- Task brief -
From the records below, print exactly the lines starting at the one containing "have := rkD _ _ X1U XU;" and ending at the one containing "by rewrite frk", ends included, and nothing else.

- Dataset records -

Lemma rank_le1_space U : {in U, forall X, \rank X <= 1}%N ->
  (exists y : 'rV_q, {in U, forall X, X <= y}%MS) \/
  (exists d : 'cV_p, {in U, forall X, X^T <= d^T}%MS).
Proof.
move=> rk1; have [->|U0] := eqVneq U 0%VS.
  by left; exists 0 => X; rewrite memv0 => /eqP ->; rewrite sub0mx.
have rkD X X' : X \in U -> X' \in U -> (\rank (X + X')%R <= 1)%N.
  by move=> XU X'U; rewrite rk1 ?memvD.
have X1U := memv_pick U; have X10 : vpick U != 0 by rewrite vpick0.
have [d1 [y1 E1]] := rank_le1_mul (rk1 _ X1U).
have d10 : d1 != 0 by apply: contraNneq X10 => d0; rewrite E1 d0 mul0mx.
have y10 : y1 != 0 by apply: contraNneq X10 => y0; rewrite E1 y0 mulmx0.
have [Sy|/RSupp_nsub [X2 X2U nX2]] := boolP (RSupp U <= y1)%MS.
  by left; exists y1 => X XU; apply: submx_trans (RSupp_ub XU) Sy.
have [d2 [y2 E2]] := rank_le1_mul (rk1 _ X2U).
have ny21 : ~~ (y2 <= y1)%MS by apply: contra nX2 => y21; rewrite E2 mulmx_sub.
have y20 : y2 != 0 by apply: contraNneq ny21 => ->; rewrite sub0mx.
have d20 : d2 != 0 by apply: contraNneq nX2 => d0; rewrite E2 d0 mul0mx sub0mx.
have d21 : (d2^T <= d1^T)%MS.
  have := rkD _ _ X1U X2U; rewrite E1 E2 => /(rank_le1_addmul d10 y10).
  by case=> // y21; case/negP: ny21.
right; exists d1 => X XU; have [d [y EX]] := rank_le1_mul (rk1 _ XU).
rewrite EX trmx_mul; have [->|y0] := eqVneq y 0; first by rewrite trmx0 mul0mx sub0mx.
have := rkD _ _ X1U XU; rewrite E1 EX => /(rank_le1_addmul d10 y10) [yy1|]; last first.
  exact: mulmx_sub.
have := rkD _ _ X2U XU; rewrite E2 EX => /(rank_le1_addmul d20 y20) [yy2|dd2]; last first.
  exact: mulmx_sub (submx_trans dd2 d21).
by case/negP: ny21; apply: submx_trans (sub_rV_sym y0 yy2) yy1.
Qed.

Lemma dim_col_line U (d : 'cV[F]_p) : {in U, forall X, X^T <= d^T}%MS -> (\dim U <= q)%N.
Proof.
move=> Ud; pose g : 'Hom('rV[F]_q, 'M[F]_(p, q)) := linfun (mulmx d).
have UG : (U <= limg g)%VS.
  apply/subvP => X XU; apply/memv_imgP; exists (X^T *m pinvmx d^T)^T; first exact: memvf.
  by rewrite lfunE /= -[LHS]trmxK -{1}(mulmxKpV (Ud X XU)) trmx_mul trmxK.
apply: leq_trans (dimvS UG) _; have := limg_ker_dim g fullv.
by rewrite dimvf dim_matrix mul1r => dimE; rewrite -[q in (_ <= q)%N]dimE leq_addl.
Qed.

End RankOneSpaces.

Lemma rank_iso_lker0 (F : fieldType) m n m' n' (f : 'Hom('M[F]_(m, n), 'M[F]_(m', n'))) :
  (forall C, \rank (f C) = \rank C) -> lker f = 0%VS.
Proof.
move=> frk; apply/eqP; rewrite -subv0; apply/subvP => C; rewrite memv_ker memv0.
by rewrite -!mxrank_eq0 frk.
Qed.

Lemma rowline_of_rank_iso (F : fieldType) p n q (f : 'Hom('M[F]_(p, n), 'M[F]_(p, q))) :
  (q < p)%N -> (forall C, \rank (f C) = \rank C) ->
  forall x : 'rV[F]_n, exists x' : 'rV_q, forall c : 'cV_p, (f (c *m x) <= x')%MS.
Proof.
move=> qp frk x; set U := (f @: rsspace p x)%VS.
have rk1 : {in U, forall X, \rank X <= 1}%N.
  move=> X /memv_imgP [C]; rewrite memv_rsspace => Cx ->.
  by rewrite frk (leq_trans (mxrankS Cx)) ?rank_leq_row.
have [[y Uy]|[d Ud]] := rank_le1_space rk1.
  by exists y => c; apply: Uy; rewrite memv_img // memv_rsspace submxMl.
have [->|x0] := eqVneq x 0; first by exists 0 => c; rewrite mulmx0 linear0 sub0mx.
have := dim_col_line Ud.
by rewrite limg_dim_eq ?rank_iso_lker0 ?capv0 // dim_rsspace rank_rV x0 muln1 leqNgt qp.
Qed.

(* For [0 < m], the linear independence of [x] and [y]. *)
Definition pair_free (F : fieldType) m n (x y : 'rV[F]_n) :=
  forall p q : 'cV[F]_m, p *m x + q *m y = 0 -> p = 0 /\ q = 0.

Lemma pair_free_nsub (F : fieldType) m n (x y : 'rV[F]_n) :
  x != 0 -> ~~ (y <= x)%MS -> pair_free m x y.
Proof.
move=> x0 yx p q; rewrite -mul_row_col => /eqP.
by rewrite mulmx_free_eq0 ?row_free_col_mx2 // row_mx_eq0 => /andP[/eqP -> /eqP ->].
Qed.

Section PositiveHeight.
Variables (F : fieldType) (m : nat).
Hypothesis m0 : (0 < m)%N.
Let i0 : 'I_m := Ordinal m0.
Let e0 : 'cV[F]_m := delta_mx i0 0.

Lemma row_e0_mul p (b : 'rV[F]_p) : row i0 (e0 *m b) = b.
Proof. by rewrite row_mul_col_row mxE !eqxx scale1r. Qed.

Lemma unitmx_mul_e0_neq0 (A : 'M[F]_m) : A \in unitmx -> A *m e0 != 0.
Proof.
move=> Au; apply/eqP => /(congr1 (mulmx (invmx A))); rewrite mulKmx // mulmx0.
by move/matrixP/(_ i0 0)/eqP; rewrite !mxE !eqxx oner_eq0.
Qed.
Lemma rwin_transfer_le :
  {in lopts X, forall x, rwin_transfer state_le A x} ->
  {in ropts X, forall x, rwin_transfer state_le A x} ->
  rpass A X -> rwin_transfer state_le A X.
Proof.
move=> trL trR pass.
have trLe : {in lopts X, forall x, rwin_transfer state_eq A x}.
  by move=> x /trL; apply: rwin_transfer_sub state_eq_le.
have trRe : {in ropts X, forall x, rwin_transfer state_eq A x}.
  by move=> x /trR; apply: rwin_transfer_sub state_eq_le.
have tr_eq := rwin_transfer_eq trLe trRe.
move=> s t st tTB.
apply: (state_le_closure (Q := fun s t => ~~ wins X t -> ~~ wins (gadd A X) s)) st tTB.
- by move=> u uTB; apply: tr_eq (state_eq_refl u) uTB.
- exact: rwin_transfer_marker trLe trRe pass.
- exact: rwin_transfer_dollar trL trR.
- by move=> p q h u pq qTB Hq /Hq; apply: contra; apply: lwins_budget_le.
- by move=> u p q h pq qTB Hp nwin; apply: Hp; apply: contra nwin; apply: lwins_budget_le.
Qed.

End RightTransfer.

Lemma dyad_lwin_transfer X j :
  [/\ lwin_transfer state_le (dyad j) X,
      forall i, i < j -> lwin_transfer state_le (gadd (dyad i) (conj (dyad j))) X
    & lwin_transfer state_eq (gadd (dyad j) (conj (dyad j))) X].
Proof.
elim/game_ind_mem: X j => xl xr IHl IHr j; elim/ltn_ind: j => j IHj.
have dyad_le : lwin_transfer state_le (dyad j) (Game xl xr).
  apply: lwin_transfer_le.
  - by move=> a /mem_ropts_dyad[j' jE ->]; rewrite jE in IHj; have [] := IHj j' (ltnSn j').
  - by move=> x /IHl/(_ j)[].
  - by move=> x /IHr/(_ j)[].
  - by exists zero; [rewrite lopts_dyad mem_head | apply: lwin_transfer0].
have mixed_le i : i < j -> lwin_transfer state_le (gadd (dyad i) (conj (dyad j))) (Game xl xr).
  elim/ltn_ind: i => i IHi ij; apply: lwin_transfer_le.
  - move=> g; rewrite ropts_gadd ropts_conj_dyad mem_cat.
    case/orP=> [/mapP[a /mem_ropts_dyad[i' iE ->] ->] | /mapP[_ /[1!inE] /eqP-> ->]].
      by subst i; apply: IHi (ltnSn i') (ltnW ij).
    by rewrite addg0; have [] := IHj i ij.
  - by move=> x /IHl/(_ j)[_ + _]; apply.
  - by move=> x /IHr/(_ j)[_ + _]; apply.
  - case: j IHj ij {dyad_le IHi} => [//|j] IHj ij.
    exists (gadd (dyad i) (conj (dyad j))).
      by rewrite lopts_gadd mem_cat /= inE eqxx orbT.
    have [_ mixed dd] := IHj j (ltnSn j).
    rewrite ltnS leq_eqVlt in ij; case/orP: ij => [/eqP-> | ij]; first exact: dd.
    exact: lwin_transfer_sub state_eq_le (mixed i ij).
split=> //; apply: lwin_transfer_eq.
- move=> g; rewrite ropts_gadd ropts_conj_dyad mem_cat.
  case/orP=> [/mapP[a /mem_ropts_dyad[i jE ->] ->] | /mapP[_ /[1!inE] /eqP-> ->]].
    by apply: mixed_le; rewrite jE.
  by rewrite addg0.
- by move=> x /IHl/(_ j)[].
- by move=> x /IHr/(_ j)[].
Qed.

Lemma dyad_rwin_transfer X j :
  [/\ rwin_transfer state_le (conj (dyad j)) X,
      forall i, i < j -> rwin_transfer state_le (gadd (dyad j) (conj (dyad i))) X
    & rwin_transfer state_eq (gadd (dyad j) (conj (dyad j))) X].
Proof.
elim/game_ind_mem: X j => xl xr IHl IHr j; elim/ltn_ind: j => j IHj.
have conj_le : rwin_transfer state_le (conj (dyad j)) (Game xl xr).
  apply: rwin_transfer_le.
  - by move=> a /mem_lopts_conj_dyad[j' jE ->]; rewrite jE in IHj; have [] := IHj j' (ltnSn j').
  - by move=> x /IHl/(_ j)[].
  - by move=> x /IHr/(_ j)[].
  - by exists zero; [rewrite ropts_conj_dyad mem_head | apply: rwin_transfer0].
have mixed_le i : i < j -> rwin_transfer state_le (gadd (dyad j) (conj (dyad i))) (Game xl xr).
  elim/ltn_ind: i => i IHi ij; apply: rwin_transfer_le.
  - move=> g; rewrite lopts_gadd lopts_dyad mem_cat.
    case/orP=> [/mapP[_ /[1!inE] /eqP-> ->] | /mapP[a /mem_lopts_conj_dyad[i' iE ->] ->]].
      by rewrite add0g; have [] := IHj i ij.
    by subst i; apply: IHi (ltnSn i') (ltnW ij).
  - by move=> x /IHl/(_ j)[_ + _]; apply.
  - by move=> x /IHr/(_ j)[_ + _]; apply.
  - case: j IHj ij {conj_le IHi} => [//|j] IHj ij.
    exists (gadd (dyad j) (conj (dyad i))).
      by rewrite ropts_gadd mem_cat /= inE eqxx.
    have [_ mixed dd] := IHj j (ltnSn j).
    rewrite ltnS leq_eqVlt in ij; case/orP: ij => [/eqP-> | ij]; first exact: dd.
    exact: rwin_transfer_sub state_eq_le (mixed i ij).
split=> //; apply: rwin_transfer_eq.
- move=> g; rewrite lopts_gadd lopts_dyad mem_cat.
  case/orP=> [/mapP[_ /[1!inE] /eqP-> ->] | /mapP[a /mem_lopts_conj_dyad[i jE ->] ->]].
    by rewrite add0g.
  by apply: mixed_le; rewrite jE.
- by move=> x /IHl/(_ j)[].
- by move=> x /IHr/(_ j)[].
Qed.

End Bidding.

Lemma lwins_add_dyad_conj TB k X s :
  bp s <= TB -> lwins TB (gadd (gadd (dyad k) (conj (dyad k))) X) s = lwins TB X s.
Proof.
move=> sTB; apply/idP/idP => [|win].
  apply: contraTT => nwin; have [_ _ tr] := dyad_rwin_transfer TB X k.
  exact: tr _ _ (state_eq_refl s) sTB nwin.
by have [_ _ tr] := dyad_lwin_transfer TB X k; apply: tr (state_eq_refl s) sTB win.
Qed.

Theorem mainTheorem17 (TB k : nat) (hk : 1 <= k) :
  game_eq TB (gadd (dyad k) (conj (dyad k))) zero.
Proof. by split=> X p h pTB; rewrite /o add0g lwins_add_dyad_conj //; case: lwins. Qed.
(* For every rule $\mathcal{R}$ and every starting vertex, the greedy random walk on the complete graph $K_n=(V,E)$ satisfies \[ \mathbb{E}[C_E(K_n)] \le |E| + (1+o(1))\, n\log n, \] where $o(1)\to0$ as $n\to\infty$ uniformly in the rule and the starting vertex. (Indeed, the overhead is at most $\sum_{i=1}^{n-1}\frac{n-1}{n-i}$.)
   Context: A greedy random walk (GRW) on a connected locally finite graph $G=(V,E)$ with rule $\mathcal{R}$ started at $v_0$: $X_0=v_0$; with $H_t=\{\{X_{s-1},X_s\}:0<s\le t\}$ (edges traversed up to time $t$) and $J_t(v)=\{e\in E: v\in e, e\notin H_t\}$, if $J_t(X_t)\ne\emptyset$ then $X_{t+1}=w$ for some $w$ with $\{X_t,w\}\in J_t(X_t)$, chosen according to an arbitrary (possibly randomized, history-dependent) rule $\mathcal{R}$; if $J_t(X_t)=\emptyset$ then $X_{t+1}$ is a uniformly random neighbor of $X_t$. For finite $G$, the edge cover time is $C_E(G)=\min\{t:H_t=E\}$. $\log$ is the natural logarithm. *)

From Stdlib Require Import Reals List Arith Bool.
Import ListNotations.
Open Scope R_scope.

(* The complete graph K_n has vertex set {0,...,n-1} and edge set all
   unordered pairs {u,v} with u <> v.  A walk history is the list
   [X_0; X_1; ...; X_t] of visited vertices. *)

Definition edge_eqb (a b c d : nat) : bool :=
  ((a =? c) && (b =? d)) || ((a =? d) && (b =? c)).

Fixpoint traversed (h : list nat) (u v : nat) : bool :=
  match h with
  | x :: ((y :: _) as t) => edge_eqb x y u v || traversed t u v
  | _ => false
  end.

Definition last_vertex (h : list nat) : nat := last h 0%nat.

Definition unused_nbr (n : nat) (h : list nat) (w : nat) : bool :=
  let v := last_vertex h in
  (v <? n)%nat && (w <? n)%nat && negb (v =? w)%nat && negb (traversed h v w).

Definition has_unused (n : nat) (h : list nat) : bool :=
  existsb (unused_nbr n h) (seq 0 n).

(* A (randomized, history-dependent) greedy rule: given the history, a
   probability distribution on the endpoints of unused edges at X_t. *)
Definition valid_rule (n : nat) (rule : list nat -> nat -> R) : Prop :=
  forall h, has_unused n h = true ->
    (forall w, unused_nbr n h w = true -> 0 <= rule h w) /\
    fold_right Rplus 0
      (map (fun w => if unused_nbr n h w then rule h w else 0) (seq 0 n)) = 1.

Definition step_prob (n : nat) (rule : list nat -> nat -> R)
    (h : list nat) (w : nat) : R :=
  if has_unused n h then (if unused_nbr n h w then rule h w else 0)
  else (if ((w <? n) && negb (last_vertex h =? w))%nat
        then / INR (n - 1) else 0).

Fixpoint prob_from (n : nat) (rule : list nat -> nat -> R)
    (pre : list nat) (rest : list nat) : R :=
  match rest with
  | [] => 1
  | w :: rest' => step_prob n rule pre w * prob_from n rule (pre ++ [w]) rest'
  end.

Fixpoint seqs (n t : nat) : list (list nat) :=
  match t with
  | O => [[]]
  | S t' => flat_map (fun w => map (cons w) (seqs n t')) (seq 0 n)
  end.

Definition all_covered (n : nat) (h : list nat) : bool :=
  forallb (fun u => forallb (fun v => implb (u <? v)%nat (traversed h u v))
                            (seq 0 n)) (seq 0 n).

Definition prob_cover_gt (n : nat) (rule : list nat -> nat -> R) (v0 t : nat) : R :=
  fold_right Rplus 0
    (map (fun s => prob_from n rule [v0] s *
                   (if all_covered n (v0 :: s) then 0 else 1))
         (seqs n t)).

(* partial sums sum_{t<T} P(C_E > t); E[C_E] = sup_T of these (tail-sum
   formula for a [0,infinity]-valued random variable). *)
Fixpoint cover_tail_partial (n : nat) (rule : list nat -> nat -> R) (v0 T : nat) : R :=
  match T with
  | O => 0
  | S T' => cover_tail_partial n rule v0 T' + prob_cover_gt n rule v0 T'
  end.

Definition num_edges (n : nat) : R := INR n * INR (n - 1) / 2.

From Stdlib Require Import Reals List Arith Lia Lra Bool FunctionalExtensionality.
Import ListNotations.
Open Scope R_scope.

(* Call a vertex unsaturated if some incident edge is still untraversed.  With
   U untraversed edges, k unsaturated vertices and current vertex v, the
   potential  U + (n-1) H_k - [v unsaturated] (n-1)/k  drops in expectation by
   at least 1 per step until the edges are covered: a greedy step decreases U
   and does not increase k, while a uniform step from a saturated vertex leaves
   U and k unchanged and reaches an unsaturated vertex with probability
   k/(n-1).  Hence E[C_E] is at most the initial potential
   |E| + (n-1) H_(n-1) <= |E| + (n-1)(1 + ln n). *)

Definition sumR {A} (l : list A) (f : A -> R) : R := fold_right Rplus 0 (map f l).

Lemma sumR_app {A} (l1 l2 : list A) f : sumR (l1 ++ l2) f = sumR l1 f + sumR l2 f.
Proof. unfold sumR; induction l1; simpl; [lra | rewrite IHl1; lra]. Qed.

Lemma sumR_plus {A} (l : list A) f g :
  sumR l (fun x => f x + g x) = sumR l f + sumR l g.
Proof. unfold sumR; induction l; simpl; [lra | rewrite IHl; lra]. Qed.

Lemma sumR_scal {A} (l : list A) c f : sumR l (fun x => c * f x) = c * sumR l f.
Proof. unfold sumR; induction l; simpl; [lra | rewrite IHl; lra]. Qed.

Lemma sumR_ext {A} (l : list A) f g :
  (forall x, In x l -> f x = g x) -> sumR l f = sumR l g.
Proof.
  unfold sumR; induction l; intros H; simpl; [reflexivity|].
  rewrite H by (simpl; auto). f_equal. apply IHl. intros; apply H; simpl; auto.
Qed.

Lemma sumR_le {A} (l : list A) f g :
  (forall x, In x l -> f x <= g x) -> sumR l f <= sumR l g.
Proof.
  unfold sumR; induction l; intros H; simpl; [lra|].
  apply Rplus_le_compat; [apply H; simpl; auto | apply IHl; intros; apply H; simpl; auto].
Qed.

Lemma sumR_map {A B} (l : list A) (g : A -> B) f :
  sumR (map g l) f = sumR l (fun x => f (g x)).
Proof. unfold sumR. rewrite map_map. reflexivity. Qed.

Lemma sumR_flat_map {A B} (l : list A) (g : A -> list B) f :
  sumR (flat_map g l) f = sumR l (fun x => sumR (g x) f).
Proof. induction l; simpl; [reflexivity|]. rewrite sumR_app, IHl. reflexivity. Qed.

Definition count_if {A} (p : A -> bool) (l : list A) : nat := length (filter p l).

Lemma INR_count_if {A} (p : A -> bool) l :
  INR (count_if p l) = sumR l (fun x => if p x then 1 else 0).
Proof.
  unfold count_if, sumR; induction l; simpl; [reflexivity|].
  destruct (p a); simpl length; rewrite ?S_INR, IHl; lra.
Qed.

- Response to the task -
have := rkD _ _ X1U XU; rewrite E1 EX => /(rank_le1_addmul d10 y10) [yy1|]; last first.
  exact: mulmx_sub.
have := rkD _ _ X2U XU; rewrite E2 EX => /(rank_le1_addmul d20 y20) [yy2|dd2]; last first.
  exact: mulmx_sub (submx_trans dd2 d21).
by case/negP: ny21; apply: submx_trans (sub_rV_sym y0 yy2) yy1.
Qed.

Lemma dim_col_line U (d : 'cV[F]_p) : {in U, forall X, X^T <= d^T}%MS -> (\dim U <= q)%N.
Proof.
move=> Ud; pose g : 'Hom('rV[F]_q, 'M[F]_(p, q)) := linfun (mulmx d).
have UG : (U <= limg g)%VS.
  apply/subvP => X XU; apply/memv_imgP; exists (X^T *m pinvmx d^T)^T; first exact: memvf.
  by rewrite lfunE /= -[LHS]trmxK -{1}(mulmxKpV (Ud X XU)) trmx_mul trmxK.
apply: leq_trans (dimvS UG) _; have := limg_ker_dim g fullv.
by rewrite dimvf dim_matrix mul1r => dimE; rewrite -[q in (_ <= q)%N]dimE leq_addl.
Qed.

End RankOneSpaces.

Lemma rank_iso_lker0 (F : fieldType) m n m' n' (f : 'Hom('M[F]_(m, n), 'M[F]_(m', n'))) :
  (forall C, \rank (f C) = \rank C) -> lker f = 0%VS.
Proof.
move=> frk; apply/eqP; rewrite -subv0; apply/subvP => C; rewrite memv_ker memv0.
by rewrite -!mxrank_eq0 frk.
Qed.

Lemma rowline_of_rank_iso (F : fieldType) p n q (f : 'Hom('M[F]_(p, n), 'M[F]_(p, q))) :
  (q < p)%N -> (forall C, \rank (f C) = \rank C) ->
  forall x : 'rV[F]_n, exists x' : 'rV_q, forall c : 'cV_p, (f (c *m x) <= x')%MS.
Proof.
move=> qp frk x; set U := (f @: rsspace p x)%VS.
have rk1 : {in U, forall X, \rank X <= 1}%N.
  move=> X /memv_imgP [C]; rewrite memv_rsspace => Cx ->.
  by rewrite frk (leq_trans (mxrankS Cx)) ?rank_leq_row.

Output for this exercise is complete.